━━ SUPPLIED ENTRIES ━━

Lemma full_rank_affine_link k n (S : 'cV[R]_k -> Prop) (F F' : 'cV[R]_k -> 'cV[R]_n) :
  is_open S -> diff_full_rank S F -> diff_full_rank S F' ->
  (exists A c, forall x, S x -> F x = A *m F' x + c) ->
  exists A c, (minn n k <= \rank A)%N /\ forall x, S x -> F x = A *m F' x + c.
Proof.
move=> S_open Ffull F'full [A [c FA]].
have [[x Sx] | S_empty] := classic (exists x, S x); last first.
  exists 1%:M, 0; split => [|x Sx]; first by rewrite mxrank1 geq_minl.
  by case: S_empty; exists x.
exists A, c; split => //.
have [J [FJ <-]] := Ffull x Sx; have [J' [F'J _]] := F'full x Sx.
by rewrite (jacobian_affine_link S_open Sx FA FJ F'J) mxrankM_maxl.
Qed.

Lemma innerC n (u v : 'cV[R]_n) : inner u v = inner v u.
Proof. by rewrite /inner !mxE; apply: eq_bigr => i _; rewrite !mxE mulrC. Qed.

Lemma trmx_mul_diff_matrix k n (w : 'cV[R]_n) (G : 'cV[R]_k -> 'cV[R]_n) pts j :
  (w^T *m diff_matrix G pts) ord0 j =
  inner w (G (pts (lift ord0 j))) - inner w (G (pts ord0)).
Proof.
by rewrite /inner !mxE -sumrB; apply: eq_bigr => i _; rewrite !mxE mulrBr.
Qed.

Lemma diff_matrix_affine k n (S : 'cV[R]_k -> Prop) (F G : 'cV[R]_k -> 'cV[R]_n) A c pts :
  (forall z, S z -> F z = A *m G z + c) -> (forall i, S (pts i)) ->
  diff_matrix F pts = A *m diff_matrix G pts.
Proof.
move=> FG Spts; apply/matrixP => i j; rewrite !mxE !FG // !mxE opprD addrACA subrr addr0 -sumrB.
by apply: eq_bigr => q _; rewrite !mxE mulrBr.
Qed.

Lemma affine_link_unitmx k n (S : 'cV[R]_k -> Prop) (F G : 'cV[R]_k -> 'cV[R]_n) A c :
  (forall z, S z -> F z = A *m G z + c) -> has_invertible_diffs S F -> A \in unitmx.
Proof.
move=> FG [pts [Spts Funit]].
by move: Funit; rewrite (diff_matrix_affine FG Spts) unitmx_mul => /andP[].
Qed.

Lemma affine_of_inner_eq dA dB n (SA : 'cV[R]_dA -> Prop) (SB : 'cV[R]_dB -> Prop)
    (F F' : 'cV[R]_dA -> 'cV[R]_n) (G G' : 'cV[R]_dB -> 'cV[R]_n)
    (a : 'cV[R]_dA -> R) (b : 'cV[R]_dB -> R) :
  has_invertible_diffs SB G ->
  (forall u v, SA u -> SB v ->
     inner (F u) (G v) = inner (F' u) (G' v) + (a u + b v)) ->
  exists A c, forall u, SA u -> F u = A *m F' u + c.
Proof.
case=> pts [SBpts Gunit] FG.
set M := diff_matrix G pts; set M' := diff_matrix G' pts.
set r : 'rV[R]_n := \row_j (b (pts (lift ord0 j)) - b (pts ord0)).
have FM u : SA u -> (F u)^T *m M = (F' u)^T *m M' + r.
  move=> SAu; apply/matrixP => i j; rewrite (ord1 i) [RHS]mxE.
  by rewrite !trmx_mul_diff_matrix mxE !FG //; ring.
exists ((invmx M)^T *m M'^T), ((invmx M)^T *m r^T) => u SAu.
have -> : F u = (((F' u)^T *m M' + r) *m invmx M)^T.
  by rewrite -FM // mulmxK // trmxK.
by rewrite trmx_mul raddfD /= trmx_mul trmxK mulmxDr mulmxA.
Qed.

Lemma ebm_eq_inner dx dy n (f f' : 'cV[R]_dx -> 'cV[R]_n) (g g' : 'cV[R]_dy -> 'cV[R]_n)
    (Z Z' : 'cV[R]_dy -> R) x y :
  Rlt R0 (Z y) -> Rlt R0 (Z' y) ->
  ebm f g Z x y = ebm f' g' Z' x y ->
  inner (f x) (g y) = inner (f' x) (g' y) + (ln (Z' y) - ln (Z y)).
Proof.
rewrite /ebm /Rdiv => Z_gt0 Z'_gt0 /(congr1 ln).
rewrite !ln_mult ?ln_Rinv ?ln_exp //; try exact: exp_pos; try exact: Rinv_0_lt_compat.
by move=> eq; rewrite -[RHS]/(Rplus _ (Rplus _ (Ropp _))); lra.
Qed.

Theorem theorem1 (dx dy n : nat)
    (X : 'cV[R]_dx -> Prop) (Y : 'cV[R]_dy -> Prop) (Theta : Type)
    (f : Theta -> 'cV[R]_dx -> 'cV[R]_n) (g : Theta -> 'cV[R]_dy -> 'cV[R]_n)
    (Z : Theta -> 'cV[R]_dy -> R)
    (hX : is_open X) (hY : is_open Y)
    (hZ : forall th y, Y y -> Rlt R0 (Z th y)) :
  ((forall th, diff_full_rank X (f th)) ->
   (forall th, has_invertible_diffs Y (g th)) ->
   forall th th',
     (forall x y, X x -> Y y ->
        ebm (f th) (g th) (Z th) x y = ebm (f th') (g th') (Z th') x y) ->
     exists (A : 'M[R]_n) (c : 'cV[R]_n),
       (minn n dx <= \rank A)%N /\
       forall x, X x -> f th x = A *m f th' x + c)
  /\
  ((forall th, diff_full_rank Y (g th)) ->
   (forall th, has_invertible_diffs X (f th)) ->
   forall th th',
     (forall x y, X x -> Y y ->
        ebm (f th) (g th) (Z th) x y = ebm (f th') (g th') (Z th') x y) ->
     exists (B : 'M[R]_n) (e : 'cV[R]_n),
       (minn n dy <= \rank B)%N /\
       forall y, Y y -> g th y = B *m g th' y + e)
  /\
  ((forall th, diff_full_rank X (f th)) ->
   (forall th, has_invertible_diffs Y (g th)) ->
   (forall th, diff_full_rank Y (g th)) ->
   (forall th, has_invertible_diffs X (f th)) ->
   forall th th',
     (forall x y, X x -> Y y ->
        ebm (f th) (g th) (Z th) x y = ebm (f th') (g th') (Z th') x y) ->
     exists (A : 'M[R]_n) (c : 'cV[R]_n) (B : 'M[R]_n) (e : 'cV[R]_n),
       \rank A = n /\ \rank B = n /\
       (forall x, X x -> f th x = A *m f th' x + c) /\
       (forall y, Y y -> g th y = B *m g th' y + e)).
Proof.
pose same th th' := forall x y, X x -> Y y ->
  ebm (f th) (g th) (Z th) x y = ebm (f th') (g th') (Z th') x y.
have f_affine th th' : same th th' -> has_invertible_diffs Y (g th) ->
    exists A c, forall x, X x -> f th x = A *m f th' x + c.
  move=> eq_p g_diffs; apply: (affine_of_inner_eq (a := fun=> 0) g_diffs).
  by move=> x y Xx Yy; rewrite add0r; apply: ebm_eq_inner; auto.
have g_affine th th' : same th th' -> has_invertible_diffs X (f th) ->
    exists B e, forall y, Y y -> g th y = B *m g th' y + e.
  move=> eq_p f_diffs; apply: (affine_of_inner_eq (b := fun=> 0) f_diffs).
  move=> y x Yy Xx; rewrite addr0 innerC [inner (g th' y) _]innerC.
  by apply: ebm_eq_inner; auto.
split; [|split].
- move=> f_full g_diffs th th' eq_p.
  exact: full_rank_affine_link (f_affine _ _ eq_p (g_diffs th)).
- move=> g_full f_diffs th th' eq_p.
  exact: full_rank_affine_link (g_affine _ _ eq_p (f_diffs th)).
- move=> _ g_diffs _ f_diffs th th' eq_p.
  have [A [c fA]] := f_affine _ _ eq_p (g_diffs th).
  have [B [e gB]] := g_affine _ _ eq_p (f_diffs th).
  exists A, c, B, e; split; [|split] => //; apply: mxrank_unit.
    exact: affine_link_unitmx fA (f_diffs th).
  exact: affine_link_unitmx gB (g_diffs th).
Qed.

━━━

- ABOUT THIS TASK:
Lines to set down from above: the line with "by move: Funit;", the line with "(X : 'cV[R]_dx", and every line between, each exactly as written.

- RESULT BELOW:
by move: Funit; rewrite (diff_matrix_affine FG Spts) unitmx_mul => /andP[].
Qed.

Lemma affine_of_inner_eq dA dB n (SA : 'cV[R]_dA -> Prop) (SB : 'cV[R]_dB -> Prop)
    (F F' : 'cV[R]_dA -> 'cV[R]_n) (G G' : 'cV[R]_dB -> 'cV[R]_n)
    (a : 'cV[R]_dA -> R) (b : 'cV[R]_dB -> R) :
  has_invertible_diffs SB G ->
  (forall u v, SA u -> SB v ->
     inner (F u) (G v) = inner (F' u) (G' v) + (a u + b v)) ->
  exists A c, forall u, SA u -> F u = A *m F' u + c.
Proof.
case=> pts [SBpts Gunit] FG.
set M := diff_matrix G pts; set M' := diff_matrix G' pts.
set r : 'rV[R]_n := \row_j (b (pts (lift ord0 j)) - b (pts ord0)).
have FM u : SA u -> (F u)^T *m M = (F' u)^T *m M' + r.
  move=> SAu; apply/matrixP => i j; rewrite (ord1 i) [RHS]mxE.
  by rewrite !trmx_mul_diff_matrix mxE !FG //; ring.
exists ((invmx M)^T *m M'^T), ((invmx M)^T *m r^T) => u SAu.
have -> : F u = (((F' u)^T *m M' + r) *m invmx M)^T.
  by rewrite -FM // mulmxK // trmxK.
by rewrite trmx_mul raddfD /= trmx_mul trmxK mulmxDr mulmxA.
Qed.

Lemma ebm_eq_inner dx dy n (f f' : 'cV[R]_dx -> 'cV[R]_n) (g g' : 'cV[R]_dy -> 'cV[R]_n)
    (Z Z' : 'cV[R]_dy -> R) x y :
  Rlt R0 (Z y) -> Rlt R0 (Z' y) ->
  ebm f g Z x y = ebm f' g' Z' x y ->
  inner (f x) (g y) = inner (f' x) (g' y) + (ln (Z' y) - ln (Z y)).
Proof.
rewrite /ebm /Rdiv => Z_gt0 Z'_gt0 /(congr1 ln).
rewrite !ln_mult ?ln_Rinv ?ln_exp //; try exact: exp_pos; try exact: Rinv_0_lt_compat.
by move=> eq; rewrite -[RHS]/(Rplus _ (Rplus _ (Ropp _))); lra.
Qed.

Theorem theorem1 (dx dy n : nat)
    (X : 'cV[R]_dx -> Prop) (Y : 'cV[R]_dy -> Prop) (Theta : Type)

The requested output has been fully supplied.